++++ SUPPLIED DATA ++++

(* Let $\chi_3(n)=\left(\frac{n}{3}\right)$ be the Legendre symbol modulo $3$ and let $\tilde\chi_3$ be either of its two modified characters (i.e. $\tilde\chi_3(3)=+1$ or $\tilde\chi_3(3)=-1$). Then for every integer $k\ge1$ and every $n\in\mathbb{N}\cup\{0\}$, $$\#\{1\le m\le k:\ \tilde\chi_3(n+m)=-1\}\ \ge\ \frac12\Big(k-\Big\lfloor\frac{\log k}{\log 3}\Big\rfloor-2\Big).$$ Consequently $\delta(k)\ge \tfrac12 k+O(\log k)$.
   Context: For a real Dirichlet character $\chi_q$ modulo $q>1$, a modified character $\tilde\chi_q$ is the completely multiplicative function $\mathbb{N}\to\{+1,-1\}$ with $\tilde\chi_q(p)=\chi_q(p)$ for primes $p\nmid q$ and $\tilde\chi_q(p)=\eta(p)\in\{+1,-1\}$ (an arbitrary sign) for primes $p\mid q$. Here $\delta(k)$ denotes the supremum, over all $q>1$, all real characters $\chi_q$ mod $q$ and all sign choices $\eta$, of $\min_{n\ge0}\#\{1\le m\le k:\tilde\chi_q(n+m)=-1\}$. *)

From Stdlib Require Import Reals Lra Lia ZArith Arith List Znumtheory.
From Coquelicot Require Import Coquelicot.
Open Scope R_scope.

Definition chi3 (n : nat) : Z :=
  match (n mod 3)%nat with
  | 0%nat => 0%Z
  | 1%nat => 1%Z
  | _ => (-1)%Z
  end.

Definition is_real_char (q : nat) (chi : nat -> Z) : Prop :=
  chi 1%nat = 1%Z /\
  (forall m n : nat, chi (m * n)%nat = (chi m * chi n)%Z) /\
  (forall n : nat, chi (n + q)%nat = chi n) /\
  (forall n : nat, chi n = 0%Z \/ chi n = 1%Z \/ chi n = (-1)%Z) /\
  (forall n : nat, chi n = 0%Z <-> Nat.gcd n q <> 1%nat).

(* f is the modified character tilde chi_q attached to chi mod q and the
   sign choice eta (eta p in {+1,-1} for primes p | q): f is a completely
   multiplicative function on the positive integers with values in
   {+1,-1}, f p = chi p for primes p not dividing q, f p = eta p for
   primes p dividing q.  (The value f 0 is irrelevant.) *)
Definition is_modified_char (q : nat) (chi : nat -> Z) (eta : nat -> Z)
    (f : nat -> Z) : Prop :=
  (forall p : nat, prime (Z.of_nat p) -> Nat.divide p q ->
      eta p = 1%Z \/ eta p = (-1)%Z) /\
  (forall n : nat, (0 < n)%nat -> f n = 1%Z \/ f n = (-1)%Z) /\
  (forall m n : nat, (0 < m)%nat -> (0 < n)%nat -> f (m * n)%nat = (f m * f n)%Z) /\
  (forall p : nat, prime (Z.of_nat p) -> ~ Nat.divide p q -> f p = chi p) /\
  (forall p : nat, prime (Z.of_nat p) -> Nat.divide p q -> f p = eta p).

Definition negcount (f : nat -> Z) (k n : nat) : nat :=
  length (filter (fun m => Z.eqb (f (n + m)%nat) (-1)%Z) (seq 1 k)).

Definition minneg (f : nat -> Z) (k : nat) : Rbar :=
  Glb_Rbar (fun y => exists n : nat, y = INR (negcount f k n)).

Definition delta (k : nat) : Rbar :=
  Lub_Rbar (fun x => exists (q : nat) (chi eta f : nat -> Z),
    (1 < q)%nat /\ is_real_char q chi /\ is_modified_char q chi eta f /\
    Finite x = minneg f k).

(* Write S(a, L) for the sum of f over [a, a + L), so that the number of -1's
   of f on an interval of length L is (L - S)/2.  Away from multiples of 3 the
   modified character f is chi3, whose partial sums lie in {-1, 0, 1}; on the
   multiples 3j it is eta * f(j).  Hence S(a, L) is a chi3 sum plus +-S(a', L')
   with L' about L/3, and after log_3 L steps |S| <= log_3 L + 2.  For delta, it
   suffices to exhibit one modified character: n |-> chi3 of the 3-free part
   of n, the choice tilde chi3(3) = 1. *)
From Stdlib Require Import Reals ZArith Arith List Znumtheory Lia Lra.
From Coquelicot Require Import Coquelicot.
Open Scope R_scope.

Ltac euclid3 x :=
  pose proof (Nat.div_mod_eq x 3); pose proof (Nat.mod_upper_bound x 3 ltac:(lia)).

Lemma chi3_mul (a b : nat) : chi3 (a * b) = (chi3 a * chi3 b)%Z.
Proof.
  unfold chi3. rewrite Nat.Div0.mul_mod.
  euclid3 a; euclid3 b.
  destruct (a mod 3)%nat as [|[|[|]]]; destruct (b mod 3)%nat as [|[|[|]]];
    simpl; lia.
Qed.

++++

■ EXERCISE ■
Each record needs to be given again exactly.

■ RESPONSE AREA ■
(* Let $\chi_3(n)=\left(\frac{n}{3}\right)$ be the Legendre symbol modulo $3$ and let $\tilde\chi_3$ be either of its two modified characters (i.e. $\tilde\chi_3(3)=+1$ or $\tilde\chi_3(3)=-1$). Then for every integer $k\ge1$ and every $n\in\mathbb{N}\cup\{0\}$, $$\#\{1\le m\le k:\ \tilde\chi_3(n+m)=-1\}\ \ge\ \frac12\Big(k-\Big\lfloor\frac{\log k}{\log 3}\Big\rfloor-2\Big).$$ Consequently $\delta(k)\ge \tfrac12 k+O(\log k)$.
   Context: For a real Dirichlet character $\chi_q$ modulo $q>1$, a modified character $\tilde\chi_q$ is the completely multiplicative function $\mathbb{N}\to\{+1,-1\}$ with $\tilde\chi_q(p)=\chi_q(p)$ for primes $p\nmid q$ and $\tilde\chi_q(p)=\eta(p)\in\{+1,-1\}$ (an arbitrary sign) for primes $p\mid q$. Here $\delta(k)$ denotes the supremum, over all $q>1$, all real characters $\chi_q$ mod $q$ and all sign choices $\eta$, of $\min_{n\ge0}\#\{1\le m\le k:\tilde\chi_q(n+m)=-1\}$. *)

From Stdlib Require Import Reals Lra Lia ZArith Arith List Znumtheory.
From Coquelicot Require Import Coquelicot.
Open Scope R_scope.

Definition chi3 (n : nat) : Z :=
  match (n mod 3)%nat with
  | 0%nat => 0%Z
  | 1%nat => 1%Z
  | _ => (-1)%Z
  end.

Definition is_real_char (q : nat) (chi : nat -> Z) : Prop :=
  chi 1%nat = 1%Z /\
  (forall m n : nat, chi (m * n)%nat = (chi m * chi n)%Z) /\
  (forall n : nat, chi (n + q)%nat = chi n) /\
  (forall n : nat, chi n = 0%Z \/ chi n = 1%Z \/ chi n = (-1)%Z) /\
  (forall n : nat, chi n = 0%Z <-> Nat.gcd n q <> 1%nat).

(* f is the modified character tilde chi_q attached to chi mod q and the
   sign choice eta (eta p in {+1,-1} for primes p | q): f is a completely
   multiplicative function on the positive integers with values in
   {+1,-1}, f p = chi p for primes p not dividing q, f p = eta p for
   primes p dividing q.  (The value f 0 is irrelevant.) *)
Definition is_modified_char (q : nat) (chi : nat -> Z) (eta : nat -> Z)
    (f : nat -> Z) : Prop :=
  (forall p : nat, prime (Z.of_nat p) -> Nat.divide p q ->
      eta p = 1%Z \/ eta p = (-1)%Z) /\
  (forall n : nat, (0 < n)%nat -> f n = 1%Z \/ f n = (-1)%Z) /\
  (forall m n : nat, (0 < m)%nat -> (0 < n)%nat -> f (m * n)%nat = (f m * f n)%Z) /\
  (forall p : nat, prime (Z.of_nat p) -> ~ Nat.divide p q -> f p = chi p) /\
  (forall p : nat, prime (Z.of_nat p) -> Nat.divide p q -> f p = eta p).

Definition negcount (f : nat -> Z) (k n : nat) : nat :=
  length (filter (fun m => Z.eqb (f (n + m)%nat) (-1)%Z) (seq 1 k)).

Definition minneg (f : nat -> Z) (k : nat) : Rbar :=
  Glb_Rbar (fun y => exists n : nat, y = INR (negcount f k n)).

Definition delta (k : nat) : Rbar :=
  Lub_Rbar (fun x => exists (q : nat) (chi eta f : nat -> Z),
    (1 < q)%nat /\ is_real_char q chi /\ is_modified_char q chi eta f /\
    Finite x = minneg f k).

(* Write S(a, L) for the sum of f over [a, a + L), so that the number of -1's
   of f on an interval of length L is (L - S)/2.  Away from multiples of 3 the
   modified character f is chi3, whose partial sums lie in {-1, 0, 1}; on the
   multiples 3j it is eta * f(j).  Hence S(a, L) is a chi3 sum plus +-S(a', L')
   with L' about L/3, and after log_3 L steps |S| <= log_3 L + 2.  For delta, it
   suffices to exhibit one modified character: n |-> chi3 of the 3-free part
   of n, the choice tilde chi3(3) = 1. *)
From Stdlib Require Import Reals ZArith Arith List Znumtheory Lia Lra.
From Coquelicot Require Import Coquelicot.
Open Scope R_scope.

Ltac euclid3 x :=
  pose proof (Nat.div_mod_eq x 3); pose proof (Nat.mod_upper_bound x 3 ltac:(lia)).

Lemma chi3_mul (a b : nat) : chi3 (a * b) = (chi3 a * chi3 b)%Z.
Proof.
  unfold chi3. rewrite Nat.Div0.mul_mod.
  euclid3 a; euclid3 b.
  destruct (a mod 3)%nat as [|[|[|]]]; destruct (b mod 3)%nat as [|[|[|]]];
    simpl; lia.
Qed.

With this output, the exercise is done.